Bell & Sward Brings Upscale Men’s Clothing to Conway 

When Erik Sward sits down with sales representatives who have clothes samples or swatches to show him, one of his customers typically comes to mind. 

“I’ll look at a piece of clothing and think, ‘Well, that’s this person right here,’” Sward said.  

He’ll generally take a picture and text it to the customer, and before long, that piece usually makes its way to the showroom floor of Bell & Sward, an upscale men’s clothing store in downtown Conway. 

It’s the relationships, customer service and in-store experience that Sward believes sets him apart and has made Bell & Sward a staple of downtown for eight years. That, and a carefully crafted sales approach that Sward believes caters specifically to men. 

“We strive for a relaxed shopping experience,” Sward said. “A lot of men don’t like shopping. Granted, there are plenty that do, but there are more who do not.” 

Because of that, Sward said patrons can expect a warm welcome and to be allowed to roam the store unbothered and find shirts from the likes of Peter Millar, johnnie-O and Mizzen+Main, or jeans from AG and Paige, or a pair of Martin Dingman shoes, among other items. 

“We’re warm and inviting,” he said. “We don’t want you to feel like someone is following you around the store trying to sell you something.” 

Sward had the idea for a store soon after he and his wife moved back from Little Rock in 2013. Within a few months, he’d contacted people to get his idea rolling. Later the same year, he made his first trip to a market in Dallas to buy clothes. In March 2014, Bell & Sward opened its doors. 

Sward’s mother-in-law, Zanette Bell, was a partner with him as he started the business and continued in that role until earlier this year. 

“We learned from each other on the fly,” said Sward, who mentioned neither of them had a background in retail. “She’s the most important part of our success. Without her, I wouldn’t have made it. We’ve been able to bounce ideas off each other, argue with one another and then figure out a solution.” 

Another important figure in the early days was Lori Quinn, who had previous experience with running a men’s clothing store in downtown.  

“I don’t know if we would have followed through with the idea, without Lori,” Sward said. “She was more than willing to sit down with us and really helped get us started.” 

Sward said he never expected his store to grow to what it has become today.  

“You obviously set lofty goals and dream that it could be this good, but you’re aware there’s a decent chance you won’t get there and there’s nothing you can do about it,” he said. “The success we’ve had has been overwhelming.” 

Sward said he’s most proud of the connections he’s been able to make with customers and vendors. 

“When I moved to Conway in 2013, I didn’t know anyone other than a couple family members and a few friends,” he said. “Some of my best friends I’ve met through the store, whether that be a customer or a vendor.” 

He also takes pride in the fact he’s been able to produce University of Central Arkansas shirts through two of his in-store brands — Peter Millar and johnnie-O.  

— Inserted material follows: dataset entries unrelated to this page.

(* There exist constants $\varepsilon>0$ and $C>0$ such that $\tilde g(n)\le C(2-\varepsilon)^n$ for all positive integers $n$.
   Context: $[n]_0=\{0,1,\dots,n\}$, $S_1+S_2=\{u+v:u\in S_1,v\in S_2\}$. $\tilde g(n)$ is the sum of $2^{-|(S_1+S_2)\cap[n]_0|}$ over all pairs $S_1,S_2\subseteq[n]_0$ such that $0\in S_1\cap S_2$, $n+1\notin S_1+S_2$, and $k\in S_1+S_2$ for every integer $k$ with $\frac{3n}{4}+1\le k\le\frac{15n}{16}$. *)

From mathcomp Require Import all_boot all_order all_algebra.
Set Implicit Arguments. Unset Strict Implicit. Unset Printing Implicit Defensive.
Import Order.TTheory GRing.Theory Num.Theory.

(* Subsets of [n]_0 = {0,...,n} are represented as {set 'I_n.+1}. *)

Definition in_sumset (n : nat) (S1 S2 : {set 'I_n.+1}) (k : nat) : bool :=
  [exists u : 'I_n.+1, [exists v : 'I_n.+1,
     [&& u \in S1, v \in S2 & (u + v == k)%N]]].

Definition sumset_card_le_n (n : nat) (S1 S2 : {set 'I_n.+1}) : nat :=
  #|[set k : 'I_n.+1 | in_sumset S1 S2 k]|.

Definition gt_admissible (n : nat) (S1 S2 : {set 'I_n.+1}) : bool :=
  [&& (ord0 \in S1), (ord0 \in S2), ~~ in_sumset S1 S2 n.+1 &
      [forall k : 'I_(2 * n).+1,
        ((3 * n <= 4 * (k - 1)) && (16 * k <= 15 * n) && (1 <= k))%N
          ==> in_sumset S1 S2 k]].

Definition gtilde (n : nat) : rat :=
  (\sum_(S1 : {set 'I_n.+1}) \sum_(S2 : {set 'I_n.+1} | gt_admissible S1 S2)
     (2%:R ^- sumset_card_le_n S1 S2))%R.

From mathcomp Require Import all_boot all_order all_algebra.
From mathcomp Require Import reals.
From mathcomp Require Import zify ring lra.
Set Implicit Arguments. Unset Strict Implicit. Unset Printing Implicit Defensive.
Import Order.TTheory GRing.Theory Num.Theory.

(* Each summand [2^-|A|], with [A = (S1 + S2) \cap [n]_0], is the proportion of
   subsets [T] of [[n]_0] avoiding [A]; forgetting the window condition,
   [g(n) <= N / 2^(n+1)] where [N] counts triples [(S1, S2, T)] with
   [0 \in S1 \cap S2], [n + 1 \notin S1 + S2] and [T] disjoint from [S1 + S2].
   Apart from [S1 = S2 = {0}], let [s] be the least positive element of
   [S1 \cup S2], say [s \in S1]. Reading the mirrored positions [q + 1] and
   [n - q] together turns the triple into a word of length [n/2] over 64
   letters in which every letter is constrained only by the letter [s] places
   earlier: [0 + S1], [0 + S2] and [s + S2] avoid [T], and no [i \in S1] has
   [n + 1 - i \in S2]. A transfer-matrix bound with weights [1] and [7/5]
   gives at most [(63/4)^(n/2)] such words; since [63/4 < 16], this yields
   [N <= 2^(n+1) + 16 (n+1) 3.97^n] and [g(n) = O(1.99^n)]. *)

Section FfunSequences.
Variables (T : finType) (x0 : T).

Definition fnth m (f : {ffun 'I_m -> T}) (k : nat) : T :=
  if insub k is Some i then f i else x0.

Definition frcons m (f : {ffun 'I_m -> T}) (z : T) : {ffun 'I_m.+1 -> T} :=
  [ffun i : 'I_m.+1 => if (i < m)%N then fnth f i else z].

Lemma fnthE m (f : {ffun 'I_m -> T}) k (ltkm : (k < m)%N) : fnth f k = f (Ordinal ltkm).
Proof. by rewrite /fnth insubT. Qed.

“Those brands have typically only done Power 5 schools, so to get UCA logos embroidered was cool,” he said. “It just gives an elevated feel for UCA fans and students who want something different than your typical sports polo shirt.” 

The fact Peter Millar and johnnie-O, among others, choose to sell their lines in his store is another point of pride for Sward. 

“Peter Millar had not opened an account in five years when they opened with us, and we’re one of a select few in the state outside of a country club,” he said. “It shows they believe in what we’re doing and want to have their product in our store.” 

Sward still hears regularly from his customers that his store has allowed them to stay in Conway and shop for clothes they love, which Sward always appreciates. 

“Conway has a good strong set of boutiques that serve our community and we’re lucky to be part of that,” he said. “I think it really sets us apart, and not only that, it helps bring people from surrounding areas to our community.”